News Feature | July 18, 2017

After Bill Shock, Water Utility Defends Meter Upgrade

Sara Jerome

By Sara Jerome,
@sarmje

Can a water meter upgrade mean higher bills for customers?

A district that serves 16,000 customers in Florida’s Coral Springs and Parkland conducted an audit when it received overbilling complaints following a meter overhaul, according to the Sun-Sentinel. The audit found the meters are accurate.

“The North Springs Improvement District commissioned the audit at the request of a county commissioner who was getting hundreds of complaints from residents of skyrocketing bills, often by hundreds of dollars,” the report said.

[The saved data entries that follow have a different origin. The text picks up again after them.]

(* Polarization: the forms at [e_a + e_b] and [e_a + i e_b] are real. *)
Lemma psdF_hermitian a b : A b a = (A a b)^*.
Proof.
have := psdA (fun i => unitv a i + unitv b i * 1).
have := psdA (fun i => unitv a i + unitv b i * 'i).
rewrite -!/(qform _ _) !qform_shift qform_unitv sum_mul_unitv.
under eq_bigr do rewrite conj_unitv; rewrite sum_unitv_mul.
move=> /geC0_conj + /geC0_conj.
rewrite !(rmorphD, rmorphM, rmorph1) /= !conjCK conjCi !psdF_conj_diag.
rewrite !mul1r !mulrN !mulNr => /addIr; rewrite -!addrA => /addrI Ei.
move=> /addrI; rewrite !addrA => /addIr E1.
set x := A a b in Ei E1 *; set y := A b a in Ei E1 *.
have Ei' : y^* - x^* = x - y.
  by apply: (mulfI (@neq0Ci C)); rewrite !mulrBr -Ei addrC.
have : (y^* - x) *+ 2 = (x^* + y^*) - (x + y) + ((y^* - x^*) - (x - y)) by ring.
rewrite E1 Ei' !subrr addr0 => /eqP; rewrite mulrn_eq0 /= subr_eq0 => /eqP <-.
by rewrite conjCK.
Qed.

(* A form vanishing at [e_k] is linear along [e_k], so it would take negative
   values if row [k] had a nonzero entry. *)
Lemma psdF_row_eq0 k b : A k k = 0 -> A k b = 0.
Proof.
move=> Akk0; apply/eqP/negPn/negP => Akb_neq0.
have Abk_neq0 : A b k != 0 by rewrite (psdF_hermitian k b) conjC_eq0.
pose t := - (A b b + 1) / (2 * A b k).
have := psdA (fun i => unitv b i + unitv k i * t).
rewrite -/(qform _ _) qform_shift qform_unitv sum_mul_unitv.
under eq_bigr do rewrite conj_unitv; rewrite sum_unitv_mul Akk0 mulr0 addr0.
have -> : t^* = - (A b b + 1) / (2 * A k b).
  rewrite /t !(rmorphM, rmorphN, rmorphD, fmorphV, rmorph1, rmorph_nat) /=.
  by rewrite psdF_conj_diag (psdF_hermitian k b) conjCK.
have -> : A b b + t * A b k + - (A b b + 1) / (2 * A k b) * A k b = -1.
  by rewrite /t; field; rewrite Abk_neq0 Akb_neq0.
by rewrite oppr_ge0 ler10.
Qed.
Lemma bezout_inverse_not_one (p l u j : Z) : (2 <= l < p)%Z -> (u * p + j * l = 1)%Z ->
  (0 mod p <> (j - 1) mod p)%Z.
Proof.
  intros Hl Hb Hj. rewrite Z.mod_0_l in Hj by lia.
  symmetry in Hj. apply Z.mod_divide in Hj as [n Hn]; [| lia].
  (* j = 1 mod p forces l = 1 mod p *)
  assert (Hw : (p * (u + n * l) = 1 - l)%Z) by nia.
  destruct (Z_lt_le_dec (u + n * l) 0); nia.
Qed.

Lemma affine_star_polygon_not_simple (p l : Z) (C P Q : vec) (r : Z -> vec) :
  (2 <= l)%Z -> (2 * l < p)%Z -> Z.gcd p l = 1%Z ->
  (forall k, r k = aff C P Q (unit_vec (IZR k * star_angle p l))) ->
  (forall k, r (k + p)%Z = r k) -> ~ simple r p.
Proof.
  intros Hl Hlp Hg Hr Hper.
  destruct (Z.gcd_bezout p l 1 Hg) as (u & j & Hb).
  assert (Hpr : 0 < IZR p) by (apply IZR_lt; lia).
  set (psi := PI / IZR p). set (phi := star_angle p l - psi).
  assert (Hspsi : 0 < sin psi).
  { unfold psi. rewrite <- (Rmult_1_l PI). apply sin_frac_PI_pos. lia. }
  assert (Hsphi : 0 < sin phi).
  { replace phi with (IZR (2 * l - 1) * PI / IZR p).
    - apply sin_frac_PI_pos. lia.
    - unfold phi, psi, star_angle. rewrite minus_IZR, mult_IZR. field. lra. }
  assert (Hj : IZR j * star_angle p l = 2 * psi + 2 * IZR (- u) * PI).
  { apply (f_equal IZR) in Hb. rewrite plus_IZR, !mult_IZR in Hb.
    unfold psi, star_angle. rewrite opp_IZR.
    replace (IZR j * (2 * IZR l * PI / IZR p)) with (2 * PI * (IZR j * IZR l) / IZR p)
      by (field; lra).
    replace (IZR j * IZR l) with (1 - IZR u * IZR p) by (change (IZR 1) with 1 in Hb; lra).
    field. lra. }
  set (s := sin psi / (sin psi + sin phi)).
  assert (Hs : 0 < s < 1).
  { unfold s. split; [apply Rdiv_lt_0_compat; lra |].
    apply (Rmult_lt_reg_r (sin psi + sin phi)); [lra |]. field_simplify; lra. }
  apply (not_simple_of_crossing_edges r p 0 (j - 1) s (1 - s)); try lra.
  - lia.
  - exact Hper.
  - apply (bezout_inverse_not_one p l u j); lia.
  - rewrite !Hr, !edge_point_aff. f_equal.
    replace (j - 1 + 1)%Z with j by ring.
    rewrite Rmult_0_l, minus_IZR, Rmult_minus_distr_r, Hj.
    replace (2 * psi + 2 * IZR (- u) * PI - 1 * star_angle p l)
      with (psi - phi + 2 * IZR (- u) * PI) by (unfold phi; ring).
    rewrite !unit_vec_period_Z, Z.add_0_l, Rmult_1_l.
    replace (star_angle p l) with (psi + phi) by (unfold phi; ring).
    apply unit_chords_cross. lra.
Qed.

Theorem proposition3p13 (p l : Z) (r : Z -> vec) :
  (2 <= l)%Z -> (2 * l < p)%Z -> Z.gcd p l = 1%Z ->
  nondegenerate r ->
  (forall k : Z, kappa r k = 1) ->
  (forall k : Z, kappabar r k = 2 * cos (2 * IZR l * PI / IZR p)) ->
  closed_with_period r p /\ ~ simple r p.
Proof.
  intros Hl Hlp Hg Hnd Hk Hkb.
  assert (Hsin : sin (star_angle p l) <> 0).
  { apply Rgt_not_eq. unfold star_angle. rewrite <- mult_IZR. apply sin_frac_PI_pos. lia. }
  destruct (constant_curvature_affine_polygon r _ Hsin Hnd Hk Hkb) as (C & P & Q & HPQ & Hr).
  assert (Hclosed : closed_with_period r p).
  { apply (affine_star_polygon_closed p l C P Q); auto. lia. }
  split; [exact Hclosed |].
  apply (affine_star_polygon_not_simple p l C P Q); auto.
  exact (proj1 (proj2 Hclosed)).
Qed.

Rod Colon, the district's deputy director, weighed in at the time the audit was commissioned, per the Sun-Sentinel: “We want to restore public confidence, and we’ll do whatever it takes,” he said. “We’re a government agency, and we want them to be proud of us.”

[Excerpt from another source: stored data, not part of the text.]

Lemma linear_system2_recurrence (a b c d : R) (u v : nat -> R) :
  (forall k, u k.+1 = a * u k + b * v k) ->
  (forall k, v k.+1 = c * u k + d * v k) ->
  (forall k, u k.+2 = (a + d) * u k.+1 - (a * d - b * c) * u k) /\
  (forall k, v k.+2 = (a + d) * v k.+1 - (a * d - b * c) * v k).
Proof. by move=> uS vS; split=> k; rewrite ?uS ?vS ?uS; ring. Qed.

(* [1 - T + D] and [1 + T + D] are the values of X^2 - T X + D at 1 and -1. *)
Lemma stable_quadratic_roots (T D : R) :
  4 * D < T ^+ 2 -> 0 < 1 - T + D -> 0 < 1 + T + D -> `|T| < 2 ->
  exists m1 m2 : R, [/\ m1 + m2 = T, m1 * m2 = D, `|m1| < 1, `|m2| < 1 & m1 != m2].
Proof.
move=> disc q1 qN1; rewrite ltr_norml => /andP[TgtN2 Tlt2].
pose s := Num.sqrt (T ^+ 2 - 4 * D).
have s_gt0 : 0 < s by rewrite sqrtr_gt0 subr_gt0.
have s2 : s ^+ 2 = T ^+ 2 - 4 * D by rewrite sqr_sqrtr // subr_ge0 ltW.
have s_lt1 : s < 2 - T by nra.
have s_ltN1 : s < 2 + T by nra.
exists ((T + s) / 2), ((T - s) / 2); split.
- by field.
- have -> : (T + s) / 2 * ((T - s) / 2) = (T ^+ 2 - s ^+ 2) / 4 by field.
  by rewrite s2; field.
- by rewrite ltr_norml; apply/andP; split; lra.
- by rewrite ltr_norml; apply/andP; split; lra.
- by apply/negP => /eqP; lra.
Qed.

(* Here 1 + T + D = 2 ((1 - l) (2 - l) - eps): the bound on eps is exactly
   what keeps the smaller root above -1. *)
Lemma cvg_coupled_recurrence (l eps : R) (u v : nat -> R) :
  0 < l -> l <= 1 -> 0 < eps -> eps < (1 - l) * (2 - l) ->
  (forall k, u k.+1 = (1 - l) * u k + eps * v k) ->
  (forall k, v k.+1 = l * u k + (1 - 2 * l - eps) * v k) ->
  u @ \oo --> 0 /\ v @ \oo --> 0.
Proof.
move=> l_gt0 l_le1 eps_gt0 eps_lt uS vS.
have [uSS vSS] := linear_system2_recurrence uS vS.
have [m1 [m2 [sum prod m1_lt1 m2_lt1 m12]]] : exists m1 m2 : R,
    [/\ m1 + m2 = 1 - l + (1 - 2 * l - eps),
        m1 * m2 = (1 - l) * (1 - 2 * l - eps) - eps * l,
        `|m1| < 1, `|m2| < 1 & m1 != m2].
  apply: stable_quadratic_roots; [nra | nra | nra |].
  by rewrite ltr_norml; apply/andP; split; nra.
by split; apply: (cvg_recurrence2 m1_lt1 m2_lt1 m12) => k;
  rewrite ?uSS ?vSS sum prod.
Qed.

End LinearRecurrence.

Lemma mx_form_sum (R : comPzRingType) n (M : 'M[R]_n) (u : 'rV[R]_n) :
  (u *m M *m u^T) 0 0 = \sum_i \sum_j u 0 i * M i j * u 0 j.
Proof.
rewrite mxE exchange_big /=; apply: eq_bigr => j _.
by rewrite !mxE mulr_suml.
Qed.

Lemma mulmx_tr_rowE (R : pzSemiRingType) n (u : 'rV[R]_n) :
  (u *m u^T) 0 0 = \sum_i u 0 i ^+ 2.
Proof. by rewrite mxE; apply: eq_bigr => i _; rewrite mxE expr2. Qed.

Lemma sum_delta (R : pzSemiRingType) (I : finType) (i : I) (F : I -> R) :
  \sum_j (i == j)%:R * F j = F i.
Proof.
under eq_bigr do rewrite mulr_natl mulrb eq_sym.
by rewrite -big_mkcond big_pred1_eq.
Qed.

Lemma sum_sym_weights (R : comPzRingType) (I : finType) (w : I -> I -> R) (f : I -> R) :
  (forall i j, w i j = w j i) ->
  \sum_i \sum_j w i j * (f i + f j) = 2 * \sum_i f i * \sum_j w i j.
Proof.
move=> wsym.
have wf : \sum_i \sum_j w i j * f i = \sum_i f i * \sum_j w i j.
  by apply: eq_bigr => i _; rewrite mulr_sumr; apply: eq_bigr => j _; rewrite mulrC.
have swap : \sum_i \sum_j w i j * f j = \sum_i \sum_j w i j * f i.
  by rewrite exchange_big; apply: eq_bigr => i _; apply: eq_bigr => j _; rewrite wsym.
transitivity (\sum_i \sum_j w i j * f i + \sum_i \sum_j w i j * f j).
  rewrite -big_split; apply: eq_bigr => i _.
  by rewrite -big_split; apply: eq_bigr => j _; rewrite mulrDr.
by rewrite swap wf; ring.
Qed.

Section Laplacian.
Variables (R : realType) (n : nat) (e : rel 'I_n).
Hypothesis sym : symmetric_graph e.

Local Notation A := (Amat R e).
Local Notation L := (Lmat R e).

Lemma in_neighboursE j i : (j \in [set k | e k i]) = e j i.
Proof. by apply/idP/idP => [/set_mem //|eji]; apply: mem_set. Qed.

Lemma Amat_ge0 i j : 0 <= A i j.
Proof. by rewrite mxE; case: ifP. Qed.

Lemma Amat_sym i j : A i j = A j i.
Proof.
rewrite !mxE; case: (boolP (e j i)) => [/sym -> // | /negbTE nji].
by case: ifP => // /sym; rewrite nji.
Qed.

Lemma Amat_gt0 i j : e j i -> 0 < A i j.
Proof.
move=> eji; rewrite mxE eji invr_gt0 ltr0n !muln_gt0 /=.
apply/andP; split; last exact: leq_ltn_trans (leq0n i) (ltn_ord i).
rewrite /degree; apply: leq_trans (leq_bigmax i); apply/card_gt0P; exists j.
by rewrite in_neighboursE.
Qed.

Lemma Amat_row_sum_le i : \sum_j A i j <= (2 * n%:R)^-1.
Proof.
have -> : \sum_j A i j = #|[set j | e j i]|%:R * (2 * degree e * n)%:R^-1.
  rewrite mulr_natl -sumr_const [RHS]big_mkcond; apply: eq_bigr => j _.
  by rewrite mxE in_neighboursE.
apply: le_trans (_ : (degree e)%:R * (2 * degree e * n)%:R^-1 <= _).
  by rewrite ler_wpM2r ?invr_ge0 ?ler0n // ler_nat; exact: (leq_bigmax i).
have [->|d_gt0] := posnP (degree e); first by rewrite mul0r invr_ge0 mulr_ge0.
rewrite mulnAC natrM invfM mulrCA divff ?mulr1 ?natrM // pnatr_eq0 -lt0n //.
Qed.

Lemma Lmat_entry i j : L i j = (i == j)%:R * \sum_k A i k - A i j.
Proof. by rewrite !mxE. Qed.

Lemma Lmat_sym : L^T = L.
Proof.
apply/matrixP => i j; rewrite mxE !Lmat_entry Amat_sym eq_sym.
by case: eqVneq => [->|]; rewrite ?mul0r.
Qed.

Lemma Lmat_mul_const m (a : R) : L *m (const_mx a : 'M[R]_(n, m)) = 0.
Proof.
apply/matrixP => i j; rewrite mxE [RHS]mxE.
under eq_bigr do rewrite [const_mx _ _ _]mxE Lmat_entry.
by rewrite -mulr_suml sumrB sum_delta subrr mul0r.
Qed.

Lemma Smat_Lmat : Smat R e = 1%:M - 2 *: L.
Proof.
have bwE i h : bw R e i h = 2 * A h i.
  rewrite /bw mxE; case: ifP => _; last by rewrite mulr0.
  by rewrite -mulnA [in RHS]natrM invfM mulrA divff ?mul1r ?pnatr_eq0.
apply/matrixP => i j; rewrite !mxE; under eq_bigr do rewrite bwE Amat_sym.
by rewrite bwE -mulr_sumr [A i j]mxE; ring.
Qed.

Lemma Lmat_form (u : 'rV[R]_n) :
  (u *m L *m u^T) 0 0 =
  \sum_i u 0 i ^+ 2 * \sum_j A i j - \sum_i \sum_j A i j * (u 0 i * u 0 j).
Proof.
rewrite mx_form_sum -sumrB; apply: eq_bigr => i _.
under eq_bigr do rewrite Lmat_entry mulrBr mulrBl.
rewrite sumrB; congr (_ - _); last by apply: eq_bigr => j _; ring.
under eq_bigr do rewrite mulrCA -mulrA.
by rewrite sum_delta mulrAC expr2.
Qed.

Lemma Lmat_dirichlet (u : 'rV[R]_n) :
  2 * (u *m L *m u^T) 0 0 = \sum_i \sum_j A i j * (u 0 i - u 0 j) ^+ 2.
Proof.
rewrite Lmat_form mulrBr -(@sum_sym_weights _ _ A (fun i => u 0 i ^+ 2) Amat_sym).
rewrite mulr_sumr -sumrB; apply: eq_bigr => i _.
by rewrite mulr_sumr -sumrB; apply: eq_bigr => j _; ring.
Qed.

Lemma Lmat_form_ge0 (u : 'rV[R]_n) : 0 <= (u *m L *m u^T) 0 0.
Proof.
suff : 0 <= 2 * (u *m L *m u^T) 0 0 by rewrite pmulr_rge0.
rewrite Lmat_dirichlet; apply: sumr_ge0 => i _; apply: sumr_ge0 => j _.
by rewrite mulr_ge0 ?Amat_ge0 ?sqr_ge0.
Qed.

Lemma Lmat_form_le (u : 'rV[R]_n) :
  (u *m L *m u^T) 0 0 <= n%:R^-1 * (u *m u^T) 0 0.
Proof.
rewrite mulmx_tr_rowE.
suff : 2 * (u *m L *m u^T) 0 0 <= 2 * (n%:R^-1 * \sum_i u 0 i ^+ 2).
  by rewrite ler_pM2l.
rewrite Lmat_dirichlet.
apply: le_trans
  (_ : \sum_i \sum_j 2 * (A i j * (u 0 i ^+ 2 + u 0 j ^+ 2)) <= _).
  apply: ler_sum => i _; apply: ler_sum => j _.
  rewrite [2 * _]mulrCA; apply: ler_wpM2l; first exact: Amat_ge0.
  by have := sqr_ge0 (u 0 i + u 0 j); nra.
under eq_bigr do rewrite -mulr_sumr.
rewrite -mulr_sumr sum_sym_weights; last exact: Amat_sym.
rewrite ler_pM2l // mulr_sumr mulr_sumr ler_sum // => i _.
rewrite mulrCA [_ * u 0 i ^+ 2]mulrC; apply: ler_wpM2l; first exact: sqr_ge0.
by have := Amat_row_sum_le i; rewrite invfM; lra.
Qed.

Lemma Lmat_eigenvalue_bounds (c : 'rV[R]_n) p :
  c != 0 -> c *m L = p *: c -> 0 <= p <= n%:R^-1.
Proof.
move=> c_neq0 cL.
have c2_gt0 : 0 < (c *m c^T) 0 0.
  rewrite lt_def mulmx_tr_rowE sumr_ge0 ?andbT => [|i _]; last exact: sqr_ge0.
  apply: contraNneq c_neq0 => /psumr_eq0P c0; apply/eqP/rowP => i.
  by apply/eqP; rewrite mxE -sqrf_eq0 c0 // => j _; exact: sqr_ge0.
have form_c : (c *m L *m c^T) 0 0 = p * (c *m c^T) 0 0.
  by rewrite cL -scalemxAl mxE.
have := Lmat_form_ge0 c; have := Lmat_form_le c; rewrite form_c.
by rewrite ler_pM2r // pmulr_lge0 // => -> ->.
Qed.

Lemma Lmat_kernel_const (u : 'rV[R]_n) :
  strongly_connected e -> u *m L = 0 -> forall i j, u 0 i = u 0 j.
Proof.
move=> conn uL0.
have terms_ge0 i j : 0 <= A i j * (u 0 i - u 0 j) ^+ 2.
  by rewrite mulr_ge0 ?Amat_ge0 ?sqr_ge0.
have energy0 : \sum_i \sum_j A i j * (u 0 i - u 0 j) ^+ 2 = 0.
  by rewrite -Lmat_dirichlet uL0 mul0mx mxE mulr0.
have edge_eq i j : e j i -> u 0 i = u 0 j.
  move=> eji; have row_i : \sum_j A i j * (u 0 i - u 0 j) ^+ 2 = 0.
    by apply: (psumr_eq0P _ energy0) => // k _; exact: sumr_ge0.
  have /eqP := @psumr_eq0P _ _ _ _ (fun k _ => terms_ge0 i k) row_i j isT.
  by rewrite mulf_eq0 gt_eqF ?Amat_gt0 //= sqrf_eq0 subr_eq0 => /eqP.
move=> i j; have /connectP [p pth ->] := conn i j.
elim: p i pth => //= k p IH i /andP[eik pth].
by rewrite -(IH k pth); apply/esym/edge_eq.
Qed.

End Laplacian.

Section Modes.
Variables (R : realType) (n : nat).

Definition mode (c : 'rV[R]_n) (z : 'cV[R]_n) : R := (c *m z) 0 0.

Lemma modeD c z w : mode c (z + w) = mode c z + mode c w.
Proof. by rewrite /mode mulmxDr [LHS]mxE. Qed.

Lemma modeN c z : mode c (- z) = - mode c z.
Proof. by rewrite /mode mulmxN [LHS]mxE. Qed.

Lemma modeZ c a z : mode c (a *: z) = a * mode c z.
Proof. by rewrite /mode -scalemxAr [LHS]mxE. Qed.

Lemma mode_eigen c p (M : 'M[R]_n) z :
  c *m M = p *: c -> mode c (M *m z) = p * mode c z.
Proof. by move=> cM; rewrite /mode mulmxA cM -scalemxAl [LHS]mxE. Qed.

Lemma mode0l z : mode 0 z = 0.
Proof. by rewrite /mode mul0mx mxE. Qed.

Lemma cvg_sum0 (I : finType) (f : I -> nat -> R) :
  (forall i, f i @ \oo --> 0) -> (fun k => \sum_i f i k) @ \oo --> 0.
Proof.
move=> f0; have := @cvg_big _ _ +%R 0 predT add_continuous _ \oo (index_enum I)
  f (fun=> 0) eventually_filter (fun i _ => f0 i).
by rewrite big1.
Qed.

Lemma cvg_frame0 m (V : 'M[R]_(m, n)) (z : nat -> 'cV[R]_n) :
  V^T *m V = 1%:M -> (forall j, (fun k => mode (row j V) (z k)) @ \oo --> 0) ->
  forall i, (fun k => z k i 0) @ \oo --> 0.
Proof.
move=> VV z0 i.
have -> : (fun k => z k i 0) = fun k => \sum_j mode (row j V) (z k) * V j i.
  apply: funext => k; rewrite -{1}[z k]mul1mx -VV -mulmxA mxE.
  by apply: eq_bigr => j _; rewrite /mode -row_mul [(row _ _) _ _]mxE mxE mulrC.
apply: cvg_sum0 => j; rewrite -(mul0r (V j i)).
by apply: cvgM; [exact: z0 | exact: cvg_cst].
Qed.

End Modes.

Section Algorithm.
Variables (R : realType) (n : nat) (e : rel 'I_n) (eps : R) (x0 : 'cV[R]_n).
Hypotheses (sym : symmetric_graph e) (conn : strongly_connected e).
Hypotheses (n_gt0 : (0 < n)%N) (eps_gt0 : 0 < eps).
Hypothesis eps_lt : eps < (1 - n%:R^-1) * (2 - n%:R^-1).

The utility replaced 14,000 water meters over a year ago, which is around the same time the complaints began.

Now, in the aftermath of the audit, officials are suggesting that customers simply are not used to accurate meters.

“The old meters stopped working properly, resulting in customers using more water than what the meters showed, he said. As a result, the district lost years of revenue because water usage wasn’t being accurately recorded,” the report said.

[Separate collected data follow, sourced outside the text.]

Lemma kkt_two_Lag_minimizers al be a K : al != be ->
  Lag_minimizer P (lagw al a) K -> Lag_minimizer P (lagw be a) K -> kkt a K.
Proof.
move=> ab Kal Kbe w0; have hQ := is_dist_outmarg P_dist Kal.1.
have [ws ws0] : exists ws, 0 < outmarg P K ws.
  apply: contrapT => none; have : \sum_w outmarg P K w <= 0.
    by rewrite sumr_le0 // => w _; rewrite leNgt; apply/negP => ow; apply: none; exists w.
  by rewrite hQ.2 ler10.
pose c x := dSbar P dS x ws.1.
have partfun_be x : 0 < PX P x -> partfun (lagw be a) (outmarg P K) x =
    b `^ (be * c x) * partfun (lagw 0 a) (outmarg P K) x.
  move=> px; rewrite /partfun mulr_sumr; apply: eq_bigr => w _.
  have [->|ow] := eqVneq (outmarg P K w) 0; first by rewrite !mul0r mulr0.
  have ow' : 0 < outmarg P K w by rewrite lt0r ow hQ.1.
  by rewrite lagwM (lagw_minimizers_dSbar ab Kal Kbe px ow' ws0); ring.
apply: le_trans (Lag_minimizer_kkt Kbe (ws.1, w0.2)); rewrite le_eqVlt; apply/orP; left.
apply/eqP/eq_bigr => x _; have [->|px] := eqVneq (PX P x) 0; first by rewrite !mul0r.
have pxp : 0 < PX P x by rewrite lt0r px PX_ge0.
rewrite (partfun_be x pxp) (lagwM be) /=.
have -> : lagw 0 a x (ws.1, w0.2) = lagw 0 a x w0 by rewrite /lagw !mul0r.
have bc0 : 0 < b `^ (be * c x) by apply: powR_gt0; apply: lt_trans b_gt1.
have N0 : 0 < partfun (lagw 0 a) (outmarg P K) x by apply: partfun_gt0 => //; apply: lagw_gt0.
by field; rewrite !gt_eqF.
Qed.

Lemma jX_lagw K ds dx a x :
  lambda_s b P dS dX ds dx = 0 -> lambda_x b P dS dX ds dx = a ->
  jX b P dS dX K ds dx x = - logb b (b `^ (a * dx) * partfun (lagw 0 a) (outmarg P K) x).
Proof.
move=> ls0 lxa; rewrite /jX ls0 lxa /partfun mulr_sumr; congr (- logb b _).
apply: eq_bigr => w _; rewrite /expb /lagw !mul0r mulrCA -powRD; last first.
  by apply/implyP => _; rewrite gt_eqF // (lt_trans _ b_gt1).
by congr (_ * b `^ _); ring.
Qed.

Lemma tail_indicator_le K ds dx a gamma (M : nat) x w :
  lambda_s b P dS dX ds dx = 0 -> lambda_x b P dS dX ds dx = a ->
  is_kernel K -> 0 <= a -> (0 < M)%N -> dX x w.2 <= dx ->
  (if gamma <= jX b P dS dX K ds dx x - logb b M%:R then 1 else 0) <=
    b `^ (- gamma) / M%:R * (lagw 0 a x w / partfun (lagw 0 a) (outmarg P K) x).
Proof.
move=> ls0 lxa hK a0 M0 dxw; have b0 : 0 < b by apply: lt_trans b_gt1.
have lnb0 : 0 < ln b by rewrite ln_gt0.
set N := partfun (lagw 0 a) (outmarg P K) x.
have N0 : 0 < N := partfun_gt0 (@lagw_gt0 0 a) (is_dist_outmarg P_dist hK) x.
have M0' : 0 < M%:R :> R by rewrite ltr0n.
have bdx0 : 0 < b `^ (a * dx) by apply: powR_gt0.
rewrite (jX_lagw K x ls0 lxa) -/N.
case: ifPn => [|_]; last by rewrite mulr_ge0 ?divr_ge0 ?powR_ge0 ?ltW ?lagw_gt0.
rewrite /logb lerBrDr => /(ler_wpM2r (ltW lnb0)).
rewrite mulrDl !mulNr !divfK ?gt_eqF // lnM ?posrE // ln_powR => ln_le.
have tail : b `^ (a * dx) * N * M%:R <= b `^ (- gamma).
  have : ln (b `^ (a * dx) * N * M%:R) <= ln (b `^ (- gamma)).
    by rewrite !lnM ?posrE ?mulr_gt0 // !ln_powR; lra.
  by rewrite ler_ln ?posrE ?mulr_gt0 ?powR_gt0.
have lagw_ge : b `^ (- (a * dx)) <= lagw 0 a x w.
  by rewrite /lagw mul0r sub0r; apply: ler_powR; [exact: ltW|rewrite lerN2 ler_wpM2l].
apply: le_trans (_ : b `^ (- gamma) / M%:R * (b `^ (- (a * dx)) / N) <= _); last first.
  apply: ler_wpM2l; first by rewrite divr_ge0 ?powR_ge0 // ltW.
  by apply: ler_wpM2r => //; rewrite invr_ge0 ltW.
have -> : b `^ (- gamma) / M%:R * (b `^ (- (a * dx)) / N) =
    b `^ (- gamma) / (b `^ (a * dx) * N * M%:R).
  by rewrite powRN; field; rewrite !gt_eqF.
by rewrite ler_pdivlMr ?mulr_gt0 // mul1r.
Qed.

Section Code.
Variables (M : nat) (E : X -> 'I_M -> R) (D : 'I_M -> W -> R).
Hypotheses (E_ker : is_kernel E) (D_ker : is_kernel D).

Local Notation code_sum g :=
  (\sum_s \sum_x \sum_(u < M) \sum_w P (s, x) * E x u * D u w * g s x w).

Lemma code_sum_PX (g : X -> R) : code_sum (fun _ x _ => g x) = \sum_x PX P x * g x.
Proof.
rewrite exchange_big /=; apply: eq_bigr => x _; rewrite /Defs.PX mulr_suml.
apply: eq_bigr => s _.
transitivity (P (s, x) * g x * \sum_(u < M) (E x u * \sum_w D u w)).
  by rewrite mulr_sumr; apply: eq_bigr => u _; rewrite !mulr_sumr; apply: eq_bigr => w _; ring.
under eq_bigr do rewrite (kernel_sum1 D_ker) mulr1.
by rewrite (kernel_sum1 E_ker) mulr1.
Qed.

Lemma code_sum_le (g : X -> W -> R) : (forall x w, 0 <= g x w) ->
  (forall w, \sum_x PX P x * g x w <= 1) -> code_sum (fun _ x w => g x w) <= M%:R.
Proof.
move=> g0 g_le.
have -> : code_sum (fun _ x w => g x w) =
    \sum_x \sum_(u < M) \sum_w PX P x * E x u * D u w * g x w.
  rewrite exchange_big /=; apply: eq_bigr => x _; rewrite /Defs.PX.
  under [RHS]eq_bigr do under eq_bigr do rewrite !mulr_suml.
  under [RHS]eq_bigr do rewrite exchange_big /=.
  by rewrite exchange_big /=; apply: eq_bigr => s _; rewrite exchange_big.
apply: le_trans (_ : \sum_x \sum_(u < M) \sum_w PX P x * D u w * g x w <= _).
  apply: ler_sum => x _; apply: ler_sum => u _; apply: ler_sum => w _.
  have -> : PX P x * E x u * D u w * g x w = PX P x * D u w * g x w * E x u by ring.
  rewrite ler_piMr ?(kernel_le1 E_ker) //.
  by rewrite !mulr_ge0 ?PX_ge0 ?(kernel_ge0 D_ker).
have -> : M%:R = \sum_(u < M) \sum_w D u w :> R.
  by rewrite (eq_bigr (fun=> 1)) ?sumr_const ?card_ord // => u _; apply: kernel_sum1.
rewrite exchange_big /=; apply: ler_sum => u _; rewrite exchange_big /=; apply: ler_sum => w _.
rewrite (eq_bigr (fun x => D u w * (PX P x * g x w))) => [|x _]; last by ring.
by rewrite -mulr_sumr ler_piMr ?(kernel_ge0 D_ker).
Qed.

Colon said residents “have to get use to accurate meters. Every utility has been through the same shock” when meters are changed, he said.

The water industry been slow to embrace smart technology and data, according to a report by consultants at Black & Veatch

Security is one reason, the new report said. “Some utilities are unwilling to embrace cloud computing — where analytics can really flex its muscle by quickly collating, processing and presenting massive amounts of data — because of security concerns,” the report said.

A lack of trust in automated processes is another reason. “Managers may also fear that data analytics and other automation technology could ultimately reduce the labor force and at least partly remove human intuitive decision-making from the operational equation,” it continued.